Out in the world you are just as much a bright light as you are at home and in school. We are the most anticipated weekend customers at the Trader Joes on Route 70 in Marlton, New Jersey because of you. Every single person on staff from the guy behind the sample counter to the store managers knows you by name and by your sweet smile and beautiful blue eyes. The staff fights over who can check us out at the register because they get a kick out of watching you try to sneak candy from the end caps and the way you try to “help” by pulling things from the cart behind you.


We recently spent an entire day at the Children’s Hospital of Philadelphia (CHOP) in anticipation of your upcoming surgery and there, in various waiting rooms throughout the day, we encountered pediatric patients suffering from all sorts of challenges. You were unafraid of those who look, sound or act differently than you do. You put out your hand to a little girl about your age with some visible deformities and extended her a kind smile, then invited her to share your seat so you could play with a game together.

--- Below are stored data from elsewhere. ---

Lemma lat_abs_id x : abs (abs x) = abs x.
Proof. exact: ge0_lat_abs (lat_abs_ge0 x). Qed.

Lemma lat_abs0 : abs 0 = 0.
Proof. exact: ge0_lat_abs (lle_refl 0). Qed.

Lemma lat_absN x : abs (- x) = abs x.
Proof. by rewrite /lat_abs opprK joinC. Qed.

Lemma lle_lat_absD x y : abs (x + y) <=L abs x + abs y.
Proof.
apply: lle_join; first exact: lleD (lle_lat_abs x) (lle_lat_abs y).
by rewrite opprD; exact: lleD (lleN_lat_abs x) (lleN_lat_abs y).
Qed.

Lemma lat_absZ (a : R) x : 0 <= a -> abs (a *: x) = a *: abs x.
Proof.
rewrite le_eqVlt => /predU1P[<-|a_gt0]; first by rewrite !scale0r lat_abs0.
have lle_abs_scale b y : 0 <= b -> abs (b *: y) <=L b *: abs y.
  move=> b_ge0; apply: lle_join; first exact: lleZ2l (lle_lat_abs y).
  by rewrite -scalerN; exact: lleZ2l (lleN_lat_abs y).
apply: lle_anti; first exact: lle_abs_scale (ltW a_gt0).
have := lleZ2l (ltW a_gt0) (lle_abs_scale a^-1 (a *: x) _).
rewrite !scalerA mulfV ?mulVf ?gt_eqF // !scale1r; apply.
by rewrite invr_ge0 ltW.
Qed.

Definition lat_meet x y := - join (- x) (- y).

Lemma lle_meetl x y : lat_meet x y <=L x.
Proof. by rewrite -[X in _ <=L X]opprK; apply: lleN2; exact: lle_joinl. Qed.

Lemma lle_meetr x y : lat_meet x y <=L y.
Proof. by rewrite -[X in _ <=L X]opprK; apply: lleN2; exact: lle_joinr. Qed.

Lemma lle_meet x y z : z <=L x -> z <=L y -> z <=L lat_meet x y.
Proof. by move=> zx zy; rewrite -(opprK z); apply: lleN2; apply: lle_join; apply: lleN2. Qed.

(* The witness is the truncation of [y] to the order interval [-x1, x1]. *)
Lemma riesz_decomposition y x1 x2 : 0 <=L x1 -> 0 <=L x2 -> abs y <=L x1 + x2 ->
  exists2 y1, abs y1 <=L x1 & abs (y - y1) <=L x2.
Proof.
move=> x1_ge0 x2_ge0 y_le.
have y_le' : y <=L x1 + x2 := lle_trans (lle_lat_abs y) y_le.
have Ny_le : - y <=L x1 + x2 := lle_trans (lleN_lat_abs y) y_le.
have le_addr u v : 0 <=L v -> u <=L u + v.
  by move=> /(lleD2r u); rewrite add0r addrC.
have Nx1_le : - x1 <=L x1 by apply: lle_trans (lleN2 x1_ge0) _; rewrite oppr0.
exists (join (lat_meet y x1) (- x1)).
  apply: lle_join; first by apply: lle_join; [exact: lle_meetr | exact: Nx1_le].
  by rewrite -[X in _ <=L X]opprK; apply: lleN2; exact: lle_joinr.
apply: lle_join.
  apply/lle_subl_addr; rewrite addrC; apply/lle_subl_addr.
  apply: lle_trans (lle_joinl _ _); apply: lle_meet.
    by apply/lle_subl_addr; exact: le_addr.
  by apply/lle_subl_addr.
rewrite opprB; apply/lle_subl_addr; rewrite addrC; apply: lle_join.
  exact: lle_trans (lle_meetl _ _) (le_addr _ _ x2_ge0).
by apply/lle_subl_addr; rewrite -opprD -[X in _ <=L X]opprK; exact: lleN2.
Qed.

Definition pos_part x := join x 0.
Definition neg_part x := join (- x) 0.

Lemma pos_part_ge0 x : 0 <=L pos_part x. Proof. exact: lle_joinr. Qed.
Lemma neg_part_ge0 x : 0 <=L neg_part x. Proof. exact: lle_joinr. Qed.

Lemma pos_partBneg_part x : pos_part x - neg_part x = x.
Proof.
have -> : neg_part x = pos_part x - x.
  by rewrite /neg_part /pos_part -joinDr subrr add0r joinC.
by rewrite opprB addrC subrK.
Qed.

Lemma pos_part_le_abs x : pos_part x <=L abs x.
Proof. by apply: lle_join; [exact: lle_lat_abs | exact: lat_abs_ge0]. Qed.

Lemma neg_part_le_abs x : neg_part x <=L abs x.
Proof. by apply: lle_join; [exact: lleN_lat_abs | exact: lat_abs_ge0]. Qed.

Lemma norm_pos_part x : `|pos_part x| <= `|x|.
Proof.
by apply: (bl_norm HBL); rewrite (ge0_lat_abs (pos_part_ge0 x)); exact: pos_part_le_abs.
Qed.

Lemma norm_neg_part x : `|neg_part x| <= `|x|.
Proof.
by apply: (bl_norm HBL); rewrite (ge0_lat_abs (neg_part_ge0 x)); exact: neg_part_le_abs.
Qed.

End vector_lattice.

(** * The modulus of a continuous functional *)

Section dual_modulus.
Variables (R : realType) (E : completeNormedModType R).
Variables (le : E -> E -> Prop) (join : E -> E -> E).
Hypothesis HBL : banach_lattice le join.
Local Notation "x <=L y" := (le x y) (at level 70).
Local Notation abs := (lat_abs join).
Variable f : E -> R.
Hypothesis fD : forall x y, f (x + y) = f x + f y.
Hypothesis fZ : forall (a : R) x, f (a *: x) = a * f x.
Variable K : R.
Hypothesis K_ge0 : 0 <= K.
Hypothesis f_le : forall x, `|f x| <= K * `|x|.
Local Notation P := (dual_abs_pos le join f).
Local Notation "|f|" := (dual_abs le join f).
Implicit Types x y : E.

Lemma dual_abs_pos_ub x y : abs y <=L x -> f y <= P x.
Proof.
move=> y_le; apply: ub_le_sup; last by exists y.
exists (K * `|x|) => _ [z z_le <-]; apply: le_trans (ler_norm _) _.
apply: le_trans (f_le z) _; apply: ler_wpM2l => //; apply: (bl_norm HBL).
by rewrite (ge0_lat_abs HBL (lle_trans HBL (lat_abs_ge0 HBL z) z_le)).
Qed.

Lemma dual_abs_pos_le x M : 0 <=L x -> (forall y, abs y <=L x -> f y <= M) -> P x <= M.
Proof.
move=> x_ge0 fM; apply: ge_sup; last by move=> _ [y y_le <-]; exact: fM.
by exists (f 0), 0; rewrite //= (lat_abs0 HBL).
Qed.

Lemma dual_abs_pos_ge0 x : 0 <=L x -> 0 <= P x.
Proof.
move=> x_ge0; have f0 : f 0 = 0 by rewrite -(scale0r 0) fZ mul0r.
by rewrite -f0; apply: dual_abs_pos_ub; rewrite (lat_abs0 HBL).
Qed.

Lemma dual_abs_pos_le_norm x : 0 <=L x -> P x <= K * `|x|.
Proof.
move=> x_ge0; apply: dual_abs_pos_le => // y y_le.
apply: le_trans (ler_norm _) _; apply: le_trans (f_le y) _; apply: ler_wpM2l => //.
by apply: (bl_norm HBL); rewrite (ge0_lat_abs HBL x_ge0).
Qed.

(* Subadditivity is where the Riesz decomposition property is needed. *)
Lemma dual_abs_posD x1 x2 : 0 <=L x1 -> 0 <=L x2 -> P (x1 + x2) = P x1 + P x2.
Proof.
move=> x1_ge0 x2_ge0.
have x12_ge0 : 0 <=L x1 + x2 by rewrite -(addr0 0); exact: (lleD HBL).
apply/eqP; rewrite eq_le; apply/andP; split.
  apply: dual_abs_pos_le => // y /(riesz_decomposition HBL x1_ge0 x2_ge0) [y1 y1_le y2_le].
  by rewrite -(subrKC y1 y) fD; apply: lerD; apply: dual_abs_pos_ub.
rewrite -lerBrDr; apply: dual_abs_pos_le => // y1 y1_le.
rewrite lerBrDr addrC -lerBrDr; apply: dual_abs_pos_le => // y2 y2_le.
rewrite lerBrDr addrC -fD; apply: dual_abs_pos_ub.
exact: (lle_trans HBL (lle_lat_absD HBL y1 y2) (lleD HBL y1_le y2_le)).
Qed.

Lemma dual_abs_pos0 : P 0 = 0.
Proof.
have := dual_abs_posD (lle_refl HBL 0) (lle_refl HBL 0).
by rewrite addr0 => /eqP; rewrite -subr_eq0 opprD addNKr oppr_eq0 => /eqP.
Qed.

Lemma dual_abs_posZ (a : R) x : 0 <= a -> 0 <=L x -> P (a *: x) = a * P x.
Proof.
rewrite le_eqVlt => /predU1P[<- _|a_gt0 x_ge0]; first by rewrite scale0r dual_abs_pos0 mul0r.
have ax_ge0 : 0 <=L a *: x by exact: (bl_scale HBL (ltW a_gt0)).
have a_neq0 : a != 0 by rewrite gt_eqF.
apply/eqP; rewrite eq_le; apply/andP; split.
  apply: dual_abs_pos_le => // y y_le.
  rewrite -[y](scalerKV a_neq0) fZ ler_pM2l //; apply: dual_abs_pos_ub.
  rewrite (lat_absZ HBL) ?invr_ge0 ?(ltW a_gt0) //.
  by rewrite -[x](scalerK a_neq0); apply: (lleZ2l HBL); rewrite ?invr_ge0 ?ltW.
rewrite mulrC -ler_pdivlMr //; apply: dual_abs_pos_le => // y y_le.
rewrite ler_pdivlMr // mulrC -fZ; apply: dual_abs_pos_ub.
by rewrite (lat_absZ HBL) ?(ltW a_gt0) //; exact: (lleZ2l HBL (ltW a_gt0)).
Qed.

Lemma dual_absE x : |f| x = P (pos_part join x) - P (neg_part join x).
Proof. by []. Qed.

Lemma dual_abs_sub p q x : 0 <=L p -> 0 <=L q -> x = p - q -> |f| x = P p - P q.
Proof.
move=> p_ge0 q_ge0 ->; set d := p - q.
have e : pos_part join d + q = p + neg_part join d.
  by rewrite -[pos_part join d](subrK (neg_part join d)) (pos_partBneg_part HBL) addrAC subrK.
have pd_ge0 := pos_part_ge0 HBL d; have nd_ge0 := neg_part_ge0 HBL d.
by move: (congr1 P e); rewrite !dual_abs_posD // dual_absE; lra.
Qed.

Lemma dual_absD x y : |f| (x + y) = |f| x + |f| y.
Proof.
have pos_ge0 := pos_part_ge0 HBL; have neg_ge0 := neg_part_ge0 HBL.
rewrite (@dual_abs_sub (pos_part join x + pos_part join y) (neg_part join x + neg_part join y));
  first by rewrite !dual_abs_posD // !dual_absE; lra.
- by rewrite -(addr0 0); exact: (lleD HBL).
- by rewrite -(addr0 0); exact: (lleD HBL).
- by rewrite opprD addrACA !(pos_partBneg_part HBL).
Qed.

Lemma dual_absZ (a : R) x : |f| (a *: x) = a * |f| x.
Proof.
have pos_ge0 := pos_part_ge0 HBL; have neg_ge0 := neg_part_ge0 HBL.
have [a_ge0|a_lt0] := leP 0 a.
  rewrite (@dual_abs_sub (a *: pos_part join x) (a *: neg_part join x)).
  - by rewrite !dual_abs_posZ // dual_absE mulrBr.
  - exact: (bl_scale HBL).
  - exact: (bl_scale HBL).
  - by rewrite -scalerBr (pos_partBneg_part HBL).
have Na_ge0 : 0 <= - a by rewrite oppr_ge0 ltW.
rewrite (@dual_abs_sub ((- a) *: neg_part join x) ((- a) *: pos_part join x)).
- by rewrite !dual_abs_posZ // dual_absE; lra.
- exact: (bl_scale HBL).
- exact: (bl_scale HBL).
- by rewrite -scalerBr -opprB scalerN scaleNr opprK (pos_partBneg_part HBL).
Qed.
(* Let $\mathcal M$ be a Type $\mathcal A$ affine surface geometry and let $\mathcal Q_c:=\mathcal Q(\mathcal M)\otimes_{\mathbb R}\mathbb C$. (1) $\mathcal Q_c$ has a basis consisting of functions of the form $e^{\alpha_1x^1+\alpha_2x^2}p(x^1,x^2)$, where $(\alpha_1,\alpha_2)\in\mathbb C^2$, $p$ is a (complex) polynomial of degree at most $2$ in $(x^1,x^2)$, and $e^{\alpha_1x^1+\alpha_2x^2}\in\mathcal Q_c$. (2) There exist real linear functions $L_1,L_2,L_3$, a real polynomial $Q$ of degree at most $2$, and a basis $\mathcal B$ of $\mathcal Q(\mathcal M)$ of one of the following four forms: $\mathcal B=\{e^{L_1}\cos(L_2),e^{L_1}\sin(L_2),e^{L_3}\}$, $\mathcal B=\{e^{L_1},e^{L_2},e^{L_3}\}$, $\mathcal B=\{e^{L_1},L_2e^{L_1},e^{L_3}\}$, or $\mathcal B=\{e^{L_1},L_2e^{L_1},Qe^{L_1}\}$.
   Context: An affine manifold $(M,\nabla)$ is a smooth manifold $M$ of dimension $m\ge 2$ with a torsion-free connection $\nabla$ on $TM$; in local coordinates $\nabla_{\partial_{x^i}}\partial_{x^j}=\Gamma_{ij}^k\partial_{x^k}$ (summation over repeated indices). The curvature is $R(X,Y)Z=\nabla_X\nabla_YZ-\nabla_Y\nabla_XZ-\nabla_{[X,Y]}Z$, the Ricci tensor is $\rho(Y,Z)=\mathrm{Tr}(X\mapsto R(X,Y)Z)$, and $\rho_s(X,Y)=\frac12(\rho(X,Y)+\rho(Y,X))$. The Hessian is $\mathcal H_\nabla f=(\partial_{x^i}\partial_{x^j}f-\Gamma_{ij}^k\partial_{x^k}f)\,dx^i\otimes dx^j$. The quasi-Einstein solution space is $\mathcal Q(M,\nabla)=\{f\in C^\infty(M):\mathcal H_\nabla f+\frac{1}{m-1}f\rho_s=0\}$. For real constants, $\Gamma(a,b,c,d,e,f)$ denotes the connection on (an open subset of) $\mathbb R^2$ whose Christoffel symbols in the standard coordinates $(x^1,x^2)$ are the constants $\Gamma_{11}^1=a$, $\Gamma_{11}^2=b$, $\Gamma_{12}^1=\Gamma_{21}^1=c$, $\Gamma_{12}^2=\Gamma_{21}^2=d$, $\Gamma_{22}^1=e$, $\Gamma_{22}^2=f$. A Type $\mathcal A$ affine surface geometry is $(\mathbb R^2,\Gamma(a,b,c,d,e,f))$. A (real) linear function is a function $L(x^1,x^2)=\alpha_1x^1+\alpha_2x^2$ with $\alpha_1,\alpha_2\in\mathbb R$. *)

From Stdlib Require Import Reals.
Open Scope R_scope.

Inductive I2 : Type := i1 | i2.
Definition sumI2 (g : I2 -> R) : R := g i1 + g i2.

(** A connection with constant Christoffel symbols: Conn i j k = Gamma_{ij}^k. *)
Definition Conn := I2 -> I2 -> I2 -> R.

Definition GammaA (a b c d e f : R) : Conn := fun i j k =>
  match i, j, k with
  | i1, i1, i1 => a
  | i1, i1, i2 => b
  | i1, i2, i1 | i2, i1, i1 => c
  | i1, i2, i2 | i2, i1, i2 => d
  | i2, i2, i1 => e
  | i2, i2, i2 => f
  end.

(** Curvature of a constant-coefficient connection on coordinate fields:
    R(d_i,d_j) d_k = Rcurv G i j k m d_m, obtained from
    nabla_{d_i} nabla_{d_j} d_k - nabla_{d_j} nabla_{d_i} d_k (the bracket vanishes,
    and the Christoffel symbols are constant). *)
Definition Rcurv (G : Conn) (i j k m : I2) : R :=
  sumI2 (fun l => G j k l * G i l m - G i k l * G j l m).

(** Ricci tensor rho(d_j,d_k) = Tr (X |-> R(X,d_j) d_k). *)
Definition ricci (G : Conn) (j k : I2) : R := sumI2 (fun i => Rcurv G i j k i).

Definition ricci_s (G : Conn) (i j : I2) : R := (ricci G i j + ricci G j i) / 2.

Definition partial1 (f g : R -> R -> R) : Prop :=
  forall x y, derivable_pt_lim (fun t => f t y) x (g x y).
Definition partial2 (f g : R -> R -> R) : Prop :=
  forall x y, derivable_pt_lim (fun t => f x t) y (g x y).
Definition Dpart (i : I2) (f g : R -> R -> R) : Prop :=
  match i with i1 => partial1 f g | i2 => partial2 f g end.

Definition cont2 (f : R -> R -> R) : Prop :=
  forall x y eps, 0 < eps -> exists del, 0 < del /\
    forall x' y', Rabs (x' - x) < del -> Rabs (y' - y) < del ->
      Rabs (f x' y' - f x y) < eps.

CoInductive smooth (f : R -> R -> R) : Prop :=
  smooth_intro : forall g1 g2 : R -> R -> R,
    cont2 f -> partial1 f g1 -> partial2 f g2 -> smooth g1 -> smooth g2 -> smooth f.

(** Quasi-Einstein solution space on (R^2, G), m = 2:
    H f + 1/(m-1) f rho_s = 0, with H f_{ij} = d_i d_j f - Gamma_{ij}^k d_k f. *)
Definition in_Q (G : Conn) (f : R -> R -> R) : Prop :=
  smooth f /\
  exists (d : I2 -> R -> R -> R) (dd : I2 -> I2 -> R -> R -> R),
    (forall i, Dpart i f (d i)) /\
    (forall i j, Dpart i (d j) (dd i j)) /\
    (forall i j x y,
       dd i j x y - sumI2 (fun k => G i j k * d k x y)
       + / (2 - 1) * f x y * ricci_s G i j = 0).

Fixpoint rsum (n : nat) (g : nat -> R) : R :=
  match n with O => 0 | S n' => rsum n' g + g n' end.

Definition rbasis_Q (G : Conn) (n : nat) (B : nat -> R -> R -> R) : Prop :=
  (forall k, (k < n)%nat -> in_Q G (B k)) /\
  (forall c : nat -> R, (forall x y, rsum n (fun k => c k * B k x y) = 0) ->
     forall k, (k < n)%nat -> c k = 0) /\
  (forall F, in_Q G F -> exists c : nat -> R,
     forall x y, F x y = rsum n (fun k => c k * B k x y)).

Definition Cx := (R * R)%type.
Definition C0 : Cx := (0, 0).
Definition RC (r : R) : Cx := (r, 0).
Definition Cadd (z w : Cx) : Cx := (fst z + fst w, snd z + snd w).
Definition Cmul (z w : Cx) : Cx :=
  (fst z * fst w - snd z * snd w, fst z * snd w + snd z * fst w).
Definition Cexp (z : Cx) : Cx := (exp (fst z) * cos (snd z), exp (fst z) * sin (snd z)).

Fixpoint csum (n : nat) (g : nat -> Cx) : Cx :=
  match n with O => C0 | S n' => Cadd (csum n' g) (g n') end.

(** Q_c = Q(M) (x)_R C, realised as complex-valued functions u + i v with u, v in Q(M). *)
Definition in_Qc (G : Conn) (F : R -> R -> Cx) : Prop :=
  in_Q G (fun x y => fst (F x y)) /\ in_Q G (fun x y => snd (F x y)).

Definition cbasis_Qc (G : Conn) (n : nat) (B : nat -> R -> R -> Cx) : Prop :=
  (forall k, (k < n)%nat -> in_Qc G (B k)) /\
  (forall c : nat -> Cx, (forall x y, csum n (fun k => Cmul (c k) (B k x y)) = C0) ->
     forall k, (k < n)%nat -> c k = C0) /\
  (forall F, in_Qc G F -> exists c : nat -> Cx,
     forall x y, F x y = csum n (fun k => Cmul (c k) (B k x y))).

Definition cexplin (a1 a2 : Cx) (x y : R) : Cx :=
  Cexp (Cadd (Cmul a1 (RC x)) (Cmul a2 (RC y))).

Definition cpoly2 (p : nat -> nat -> Cx) (x y : R) : Cx :=
  csum 3 (fun i => csum (3 - i) (fun j => Cmul (p i j) (RC (x ^ i * y ^ j)))).

Definition rpoly2 (q : nat -> nat -> R) (x y : R) : R :=
  rsum 3 (fun i => rsum (3 - i) (fun j => q i j * (x ^ i * y ^ j))).

Definition lin (l : R * R) (x y : R) : R := fst l * x + snd l * y.
Lemma quotient_sw_odd k c :
  quotient_model (Cpoly k.*2.+1 c) (inv_sw k.*2.+1)
    (('X ^+ 2 - 4%:P) * (dickson F k.*2.+1 + c%:P)).
Proof.
apply: (quotient_model_Cpoly c (e := -1) (w := (X * X - 1) / (X * X * X ^+ k))) => //.
- by move=> z; rewrite mulN1r.
- by rewrite oppr_eq0 oner_neq0.
- have -> : X * X - 1 = (X - 1) * (X + 1) by rewrite -subr_sqr expr1n expr2.
  apply: mulf_neq0; first exact: mulf_neq0 Xsub1_neq0 Xadd1_neq0.
  exact: invr_neq0 (mulf_neq0 (mulf_neq0 X_neq0 X_neq0) (expf_neq0 k X_neq0)).
- exact: (twist_sw_odd X_neq0 subst_inv_X k).
- rewrite pevalD pevalN pevalXn pevalC rmorph_nat rmorph_nat.
  exact: (square_sw_odd X_neq0 k).
Qed.

Lemma quotient_sw_even k c : (0 < k)%N ->
  quotient_model (Cpoly k.*2 c) (inv_sw k.*2) (('X - 2%:P) * (dickson F k.*2 + c%:P)).
Proof.
move=> k_gt0.
apply: (quotient_model_Cpoly c (e := -1) (w := (X - 1) / (X * X ^+ k))).
- by rewrite -mul2n; lia.
- by move=> z; rewrite mulN1r.
- by rewrite oppr_eq0 oner_neq0.
- exact: mulf_neq0 Xsub1_neq0 (invr_neq0 (mulf_neq0 X_neq0 (expf_neq0 k X_neq0))).
- exact: (twist_sw_even X_neq0 subst_inv_X k).
- rewrite pevalD pevalN pevalX pevalC rmorph_nat rmorph_nat.
  exact: (square_sw_even X_neq0 k).
Qed.

End Quotients.

Theorem theorem1 (F : finFieldType) (p g : nat) (c : F) :
  prime p -> p \in [pchar F] -> (2 < p)%N ->
  (2 <= g)%N -> coprime g p ->
  separable_poly (Cpoly g c) ->
  quotient_model (Cpoly g c) (inv_s g)
    (if odd g then dickson F g + c%:P
     else ('X + 2%:P) * (dickson F g + c%:P)) /\
  quotient_model (Cpoly g c) (inv_sw g)
    (if odd g then ('X ^+ 2 - 4%:P) * (dickson F g + c%:P)
     else ('X - 2%:P) * (dickson F g + c%:P)).
Proof.
move=> _ _ _ g_ge2 _ _.
have k_gt0 : (0 < g./2)%N by lia.
rewrite -(odd_double_half g); case: (odd g); rewrite ?add1n ?add0n /= odd_double /=.
- by split; [exact: quotient_s_odd | exact: quotient_sw_odd].
- by split; [exact: quotient_s_even | exact: quotient_sw_even].
Qed.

In that moment, I’m quite sure my heart beamed so bright people could see rays of light coming out of my body.


Last night, I got a little teary worrying about the surgery that lies ahead of you on Monday. You took my face in both your hands and imitated a deep breath, encouraging me to do the same, then kissed my face all over. You have this wonderful, warm spirit and old soul that I love so fiercely I can't imagine a greater gift with all my imagination.


I cannot wait to watch another year of your life unfold and I could not possibly be prouder of the person you are becoming: kind, loving, affectionate, inquisitive, brave, headstrong and full of humor.


Happy birthday to the love of my life and the center of my universe.